Top of Information given

(* Let $\mathcal{G}=(\mathcal{V},\mathcal{E})$ be a directed graph with terminals $s,t$, $f:2^{\mathcal{E}}\to\mathbb{R}_+$ normalized, monotone nondecreasing and submodular, and $C^*$ an $(s,t)$-cut minimizing $f$. Consider the following randomized greedy path cover algorithm: start with $C=\emptyset$, $y=0\in\{0,1\}^{\mathcal{E}}$; while the shortest $(s,t)$-path $P_{\min}$ with respect to edge lengths $y$ (ties broken arbitrarily) has $\sum_{e\in P_{\min}}y(e)<1$: if $\min_{e\in P_{\min}}f(e\mid C)=0$, add all edges of $P_{\min}$ with zero marginal cost to $C$ (setting $y(e)=1$); otherwise choose $\beta\in(0,\min_{e\in P_{\min}}f(e\mid C)]$ and, for each $e\in P_{\min}$, with probability $\beta/f(e\mid C)$ add $e$ to $C$ and set $y(e)=1$. Finally prune $C$ to a minimal $(s,t)$-cut $\widehat C'\subseteq C$ and return it. Then $\mathbb{E}[f(\widehat C')]\le |P_{\max}|\,f(C^* )$, where $P_{\max}$ is a longest simple $(s,t)$-path in $\mathcal{G}$ and $|P_{\max}|$ is its number of edges.
   Context: An $(s,t)$-cut is a set of edges whose removal disconnects all $s$-$t$ paths; it is minimal if no proper subset is a cut. $f(e\mid C)=f(C\cup\{e\})-f(C)$ is the marginal cost. The expectation is over the random sampling of edges. *)

From HB Require Import structures.
From mathcomp Require Import all_boot all_order all_algebra.
From mathcomp Require Import boolp reals.
Set Implicit Arguments. Unset Strict Implicit. Unset Printing Implicit Defensive.
Import Order.TTheory GRing.Theory Num.Theory.
Local Open Scope ring_scope.

Section GreedyPathCover.
Variables (V E : finType) (src dst : E -> V) (s t : V).

Fixpoint walk_from (u : V) (P : seq E) (w : V) : bool :=
  match P with
  | [::] => u == w
  | e :: P' => (src e == u) && walk_from (dst e) P' w
  end.

Definition st_path (P : seq E) : bool :=
  walk_from s P t && uniq (s :: map dst P).

Definition is_cut (C : {set E}) : Prop :=
  forall P, st_path P -> has (fun e => e \in C) P.

Definition minimal_cut (C : {set E}) : Prop :=
  is_cut C /\ forall D : {set E}, D \proper C -> ~ is_cut D.

Definition longest_st_path (P : seq E) : Prop :=
  st_path P /\ forall Q, st_path Q -> (size Q <= size P)%N.

Variable R : realType.

(* edge lengths y = indicator of C *)
Definition ylen (C : {set E}) (P : seq E) : R :=
  \sum_(e <- P) (e \in C)%:R.

Definition shortest_st_path (C : {set E}) (P : seq E) : Prop :=
  st_path P /\ forall Q, st_path Q -> ylen C P <= ylen C Q.

Definition loop_cont (C : {set E}) : Prop :=
  exists P, shortest_st_path C P /\ ylen C P < 1.

Variable f : {set E} -> R.

Definition normalized : Prop := f set0 = 0.
Definition nonneg_fun : Prop := forall A, 0 <= f A.
Definition monotone_fun : Prop := forall A B : {set E}, A \subset B -> f A <= f B.
Definition submodular : Prop :=
  forall A B : {set E}, f (A :|: B) + f (A :&: B) <= f A + f B.

Definition marg (C : {set E}) (e : E) : R := f (e |: C) - f C.

(* Adversarial/arbitrary choices, allowed to depend on the history of states
   (list of previous sets C, most recent first) and the current set C:
   - pc h C   : the shortest path chosen (tie breaking),
   - beta h C : the chosen beta,
   - prune h C: the minimal cut obtained by pruning. *)
Variables (pc : seq {set E} -> {set E} -> seq E)
          (beta : seq {set E} -> {set E} -> R)
          (prune : seq {set E} -> {set E} -> {set E}).

Definition valid_choices : Prop :=
  [/\ (forall h C, loop_cont C -> shortest_st_path C (pc h C)),
      (forall h C, loop_cont C -> all (fun e => 0 < marg C e) (pc h C) ->
          0 < beta h C /\ all (fun e => beta h C <= marg C e) (pc h C))
    & (forall h C, ~ loop_cont C -> prune h C \subset C /\ minimal_cut (prune h C))].

(* probability that exactly the edges of S (a subset of the edges of P) are
   sampled, each e in P independently with probability beta / f(e|C) *)
Definition sample_prob (C : {set E}) (P : seq E) (b : R) (S : {set E}) : R :=
  \prod_(e <- P) (if e \in S then b / marg C e else 1 - b / marg C e).

(* Partial expectation of f(output) over the runs that terminate within n
   loop iterations, starting from history h and current set C. *)
Fixpoint part_exp (n : nat) (h : seq {set E}) (C : {set E}) : R :=
  if `[< loop_cont C >] then
    match n with
    | 0 => 0
    | n'.+1 =>
      let P := pc h C in
      if has (fun e => marg C e == 0) P then
        part_exp n' (C :: h) (C :|: [set e in P | marg C e == 0])
      else
        \sum_(S in powerset [set e in P])
           sample_prob C P (beta h C) S * part_exp n' (C :: h) (C :|: S)
    end
  else f (prune h C).

End GreedyPathCover.

(* Track the potential  Phi(C) = f(C) + |P_max| (f(C* ) - f(C* :&: C)).  It starts at
   |P_max| f(C* ) and dominates f of every subset of C, in particular of the pruned cut,
   so it suffices that Phi never increases in expectation.  Adding edges of zero
   marginal cost leaves f(C) unchanged by submodularity.  In a sampling round each
   edge e of the current path P enters C with probability beta / f(e|C), so the
   expected growth of f(C) is at most sum_e beta = beta |P| <= beta |P_max|.  Being
   an (s,t)-path, P meets the cut C* in some edge x, which enters with probability
   beta / f(x|C) and then raises f(C* :&: C) by at least f(x|C) (diminishing
   returns): an expected gain of beta, worth beta |P_max| in Phi. *)

From HB Require Import structures.
From mathcomp Require Import all_boot all_order all_algebra.
From mathcomp Require Import boolp reals lra.
Import Order.TTheory GRing.Theory Num.Theory.
Local Open Scope ring_scope.

Lemma sum_powersetU1 (T : finType) (R : nmodType) (x : T) (A : {set T})
    (F : {set T} -> R) :
  x \notin A ->
  \sum_(S in powerset (x |: A)) F S = \sum_(S in powerset A) (F S + F (x |: S)).
Proof.
move=> xNA; rewrite big_split /= [LHS](bigID (fun S : {set T} => x \in S)) /= addrC.
have powersetA S : (S \in powerset A) = (S \subset x |: A) && (x \notin S).
  by rewrite powersetE -[in LHS](setU1K xNA) subsetD1.
congr (_ + _); first by apply: eq_bigl => S; rewrite powersetA powersetE.
rewrite (reindex_onto (fun S => x |: S) (fun S => S :\ x)) /=; last first.
  by move=> S /andP[_ xS]; rewrite setD1K.
apply: eq_bigl => S; rewrite powersetA !powersetE setU11 andbT.
apply/andP/andP => [[sxSxA /eqP <-] | [sSxA xNS]].
  by rewrite (subset_trans (subD1set _ _) sxSxA) !inE eqxx.
by rewrite setU1K // subUset sub1set setU11.
Qed.

Lemma sum_powerset_prod (T : finType) (R : comPzSemiRingType) (a b : T -> R)
    (P : seq T) :
  uniq P ->
  \sum_(S in powerset [set e in P]) \prod_(e <- P) (if e \in S then a e else b e)
  = \prod_(e <- P) (a e + b e).
Proof.
elim: P => [_ | x P IH /= /andP[xNP uP]].
  by rewrite set_nil powerset0 big_set1 !big_nil.
rewrite set_cons sum_powersetU1 ?inE // big_cons -IH // big_distrr /=.
apply: eq_bigr => S; rewrite powersetE => sSP.
have xNS : x \notin S by apply: contra xNP => /(subsetP sSP); rewrite inE.
have prod_xS : \prod_(e <- P) (if e \in x |: S then a e else b e) =
               \prod_(e <- P) (if e \in S then a e else b e).
  apply: eq_big_seq => e eP.
  by rewrite in_setU1 (_ : e == x = false) //; apply: contraNF xNP => /eqP <-.
by rewrite !big_cons (negbTE xNS) setU11 prod_xS mulrDl addrC.
Qed.

Section Submodular.
Context {T : finType} {R : realType} {f : {set T} -> R}.
Hypotheses (f_mono : monotone_fun f) (f_submod : submodular f).

Lemma marg_ge0 C e : 0 <= marg f C e.
Proof. by rewrite subr_ge0 f_mono // subsetUr. Qed.

Lemma marg_le_subset {C D : {set T}} e : C \subset D -> marg f D e <= marg f C e.
Proof.
move=> sCD; rewrite lerBlDr addrAC lerBrDr.
have := f_submod (e |: C) D; rewrite -setUA (setUidPr sCD).
by apply: le_trans; rewrite lerD2l f_mono // subsetI sCD subsetUr.
Qed.

Lemma f_setU_le_sum_marg (C : {set T}) (l : seq T) :
  f (C :|: [set e in l]) <= f C + \sum_(e <- l) marg f C e.
Proof.
elim: l => [|x l IH]; first by rewrite set_nil setU0 big_nil addr0.
rewrite set_cons setUCA big_cons.
have := marg_le_subset x (subsetUl C [set e in l]); rewrite /marg in IH * => le_x.
lra.
Qed.

End Submodular.

Section Sampling.
Context {T : finType} {R : realType} {f : {set T} -> R} {C : {set T}} {P : seq T} {b : R}.
Hypotheses (P_uniq : uniq P) (marg_gt0 : {in P, forall e, 0 < marg f C e})
  (b_gt0 : 0 < b) (b_le_marg : {in P, forall e, b <= marg f C e}).

Local Notation p := (sample_prob f C P b).

Lemma sample_prob_ge0 S : 0 <= p S.
Proof.
rewrite /sample_prob big_seq; apply: prodr_ge0 => e eP; have m_gt0 := marg_gt0 e eP.
have b_le := b_le_marg e eP.
case: ifP => _; first by rewrite divr_ge0 // ltW.
by rewrite subr_ge0 ler_pdivrMr // mul1r.
Qed.

Lemma sum_sample_prob : \sum_(S in powerset [set e in P]) p S = 1.
Proof. by rewrite sum_powerset_prod // big1 // => e _; rewrite subrKC. Qed.

Lemma sum_sample_prob_mem x : x \in P ->
  \sum_(S in powerset [set e in P]) p S * (x \in S)%:R = b / marg f C x.
Proof.
move=> xP; pose a e := b / marg f C e.
pose a' e := if e == x then 0 else 1 - a e.
rewrite (eq_bigr (fun S : {set T} => \prod_(e <- P) (if e \in S then a e else a' e))).
  rewrite sum_powerset_prod // (big_rem x xP) /= /a' eqxx addr0 big_seq big1 ?mulr1 //.
  move=> e; rewrite (mem_rem_uniq x P_uniq) !inE => /andP[/negbTE -> _].
  by rewrite subrKC.
move=> S _; rewrite /sample_prob /a' /a; case: (boolP (x \in S)) => [xS | xNS].
  rewrite mulr1; apply: eq_bigr => e _; case: ifP => // eNS.
  by rewrite (_ : e == x = false) //; apply: contraFF eNS => /eqP ->.
by rewrite mulr0 (big_rem x xP) /= (negbTE xNS) eqxx mul0r.
Qed.

Lemma expect_sample_cost (c K : R) x : x \in P ->
  \sum_(S in powerset [set e in P])
      p S * (c + \sum_(e <- P) (e \in S)%:R * marg f C e - K * marg f C x * (x \in S)%:R)
  = c + b *+ size P - K * b.
Proof.
move=> xP.
rewrite (eq_bigr (fun S : {set T} => c * p S
    + \sum_(e <- P) p S * (e \in S)%:R * marg f C e
    - K * marg f C x * (p S * (x \in S)%:R))); last first.
  move=> S _; rewrite mulrBr mulrDr big_distrr /= mulrC mulrCA; congr (_ + _ - _).
  by apply: eq_bigr => e _; rewrite mulrA.
rewrite sumrB big_split /= -!big_distrr /= sum_sample_prob // sum_sample_prob_mem //.
rewrite exchange_big /= (eq_big_seq (fun=> b)) ?big_const_seq ?count_predT; last first.
  by move=> e eP; rewrite -big_distrl /= sum_sample_prob_mem // divfK // gt_eqF ?marg_gt0.
by rewrite iter_addr_0 mulr1 -mulrA [marg f C x * _]mulrC divfK // gt_eqF ?marg_gt0.
Qed.

End Sampling.

Lemma st_path_uniq {V E : finType} {src dst : E -> V} {s t : V} {P : seq E} :
  st_path src dst s t P -> uniq P.
Proof. by case/andP => _ /= /andP[_ /map_uniq]. Qed.

Section PathCover.
Context {V E : finType} {src dst : E -> V} {s t : V} {R : realType}
  {f : {set E} -> R}
  {pc : seq {set E} -> {set E} -> seq E}
  {beta : seq {set E} -> {set E} -> R}
  {prune : seq {set E} -> {set E} -> {set E}}
  {Cstar : {set E}} {Pmax : seq E}.
Hypotheses (f_ge0 : nonneg_fun f) (f_mono : monotone_fun f) (f_submod : submodular f)
  (Cstar_cut : is_cut src dst s t Cstar)
  (Pmax_longest : longest_st_path src dst s t Pmax)
  (choices_valid : valid_choices src dst s t f pc beta prune).

Local Notation L := (size Pmax)%:R.

Definition potential (C : {set E}) : R := f C + L * (f Cstar - f (Cstar :&: C)).

Lemma potential_ge_f {C D : {set E}} : D \subset C -> f D <= potential C.
Proof.
move=> sDC; rewrite -[f D]addr0 lerD ?f_mono // mulr_ge0 // subr_ge0.
by rewrite f_mono ?subsetIl.
Qed.

Lemma potential_setU_zero_marg (C : {set E}) (P : seq E) :
  potential (C :|: [set e in P | marg f C e == 0]) <= potential C.
Proof.
have f_le : f (C :|: [set e in P | marg f C e == 0]) <= f C.
  have -> : [set e in P | marg f C e == 0] = [set e in [seq e <- P | marg f C e == 0]].
    by apply/setP => e; rewrite !inE mem_filter andbC.
  apply: le_trans (f_setU_le_sum_marg f_mono f_submod _ _) _.
  by rewrite big_filter big1 ?addr0 // => e /eqP.
have meet_le : f (Cstar :&: C) <= f (Cstar :&: (C :|: [set e in P | marg f C e == 0])).
  by rewrite f_mono // setIS // subsetUl.
rewrite /potential lerD // ler_wpM2l // lerB //.
Qed.

Lemma potential_setU_sample (C S : {set E}) (P : seq E) x :
  S \subset [set e in P] -> x \in Cstar ->
  potential (C :|: S) <=
    potential C + \sum_(e <- P) (e \in S)%:R * marg f C e - L * marg f C x * (x \in S)%:R.
Proof.
move=> sSP xCstar.
have f_le : f (C :|: S) <= f C + \sum_(e <- P) (e \in S)%:R * marg f C e.
  have S_filter : [set e in [seq e <- P | e \in S]] = S.
    apply/setP => e; rewrite inE mem_filter andb_idr // => eS.
    by have := subsetP sSP e eS; rewrite inE.
  rewrite -{1}S_filter; apply: le_trans (f_setU_le_sum_marg f_mono f_submod _ _) _.
  rewrite big_filter big_mkcond /= lerD2l.
  by apply: ler_sum => e _; case: (e \in S); rewrite ?mul1r ?mul0r.
have meet_ge : f (Cstar :&: C) + (x \in S)%:R * marg f C x <= f (Cstar :&: (C :|: S)).
  case: (boolP (x \in S)) => [xS | _]; last by rewrite mul0r addr0 f_mono // setIS // subsetUl.
  have := marg_le_subset f_mono f_submod x (subsetIr Cstar C).
  have : f (x |: Cstar :&: C) <= f (Cstar :&: (C :|: S)).
    by rewrite f_mono // subUset sub1set !inE xCstar xS orbT /= setIS // subsetUl.
  rewrite /marg mul1r; lra.
have := ler_wpM2l (ler0n R (size Pmax)) meet_ge.
rewrite /potential mulrDr mulrA; lra.
Qed.

Lemma expect_potential_sample {C : {set E}} {P : seq E} {b : R} {x : E} :
  uniq P -> (size P <= size Pmax)%N ->
  {in P, forall e, 0 < marg f C e} -> 0 < b -> {in P, forall e, b <= marg f C e} ->
  x \in P -> x \in Cstar ->
  \sum_(S in powerset [set e in P]) sample_prob f C P b S * potential (C :|: S)
    <= potential C.
Proof.
move=> P_uniq P_short marg_gt0 b_gt0 b_le_marg xP xCstar.
apply: le_trans (_ : \sum_(S in powerset [set e in P]) sample_prob f C P b S *
    (potential C + \sum_(e <- P) (e \in S)%:R * marg f C e
       - L * marg f C x * (x \in S)%:R) <= _).
  apply: ler_sum => S; rewrite powersetE => sSP.
  by rewrite ler_wpM2l ?sample_prob_ge0 ?potential_setU_sample.
rewrite expect_sample_cost // lerBlDr lerD2l -[b *+ _]mulr_natl.
by rewrite ler_pM2r // ler_nat.
Qed.

Lemma part_exp_le_potential n h C :
  part_exp src dst s t f pc beta prune n h C <= potential C.
Proof.
have [pc_shortest beta_valid prune_valid] := choices_valid.
elim: n h C => [|n IH] h C /=;
  case: asboolP => [cont | /(prune_valid h) [pruned_sub _]];
  try exact: potential_ge_f pruned_sub.
  exact: le_trans (f_ge0 set0) (potential_ge_f (sub0set C)).
have [P_st _] := pc_shortest h C cont.
case: ifP => [_ | no_zero]; first exact: le_trans (IH _ _) (potential_setU_zero_marg _ _).
have marg_gt0 : {in pc h C, forall e, 0 < marg f C e}.
  move=> e eP; rewrite lt_def marg_ge0 // andbT.
  by apply: contraFN no_zero => /eqP me0; apply/hasP; exists e; rewrite ?me0.
have [b_gt0 /allP b_le_marg] := beta_valid h C cont (introT allP marg_gt0).
have [x xP xCstar] := hasP (Cstar_cut _ P_st).
apply: le_trans (expect_potential_sample (st_path_uniq P_st) (proj2 Pmax_longest _ P_st)
  marg_gt0 b_gt0 b_le_marg xP xCstar).
by apply: ler_sum => S _; rewrite ler_wpM2l ?sample_prob_ge0.
Qed.

End PathCover.

Theorem lemma7 (V E : finType) (src dst : E -> V) (s t : V) (R : realType)
  (f : {set E} -> R)
  (pc : seq {set E} -> {set E} -> seq E)
  (beta : seq {set E} -> {set E} -> R)
  (prune : seq {set E} -> {set E} -> {set E})
  (Cstar : {set E}) (Pmax : seq E) :
  injective (fun e => (src e, dst e)) ->
  normalized f -> nonneg_fun f -> monotone_fun f -> submodular f ->
  is_cut src dst s t Cstar ->
  (forall C, is_cut src dst s t C -> f Cstar <= f C) ->
  longest_st_path src dst s t Pmax ->
  valid_choices src dst s t f pc beta prune ->
  forall n : nat,
    part_exp src dst s t f pc beta prune n [::] set0 <= (size Pmax)%:R * f Cstar.
Proof.
move=> _ f_norm f_ge0 f_mono f_submod Cstar_cut _ Pmax_longest choices_valid n.
apply: le_trans (part_exp_le_potential f_ge0 f_mono f_submod Cstar_cut Pmax_longest
  choices_valid n [::] set0) _.
by rewrite /potential setI0 f_norm subr0 add0r.
Qed.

Bottom of Information given

Taking the line with "loop_cont C >] then" as the first and the line with "End GreedyPathCover." as the last, retype that stretch of the data above exactly, with no other lines.

Exercise output —
  if `[< loop_cont C >] then
    match n with
    | 0 => 0
    | n'.+1 =>
      let P := pc h C in
      if has (fun e => marg C e == 0) P then
        part_exp n' (C :: h) (C :|: [set e in P | marg C e == 0])
      else
        \sum_(S in powerset [set e in P])
           sample_prob C P (beta h C) S * part_exp n' (C :: h) (C :|: S)
    end
  else f (prune h C).

End GreedyPathCover.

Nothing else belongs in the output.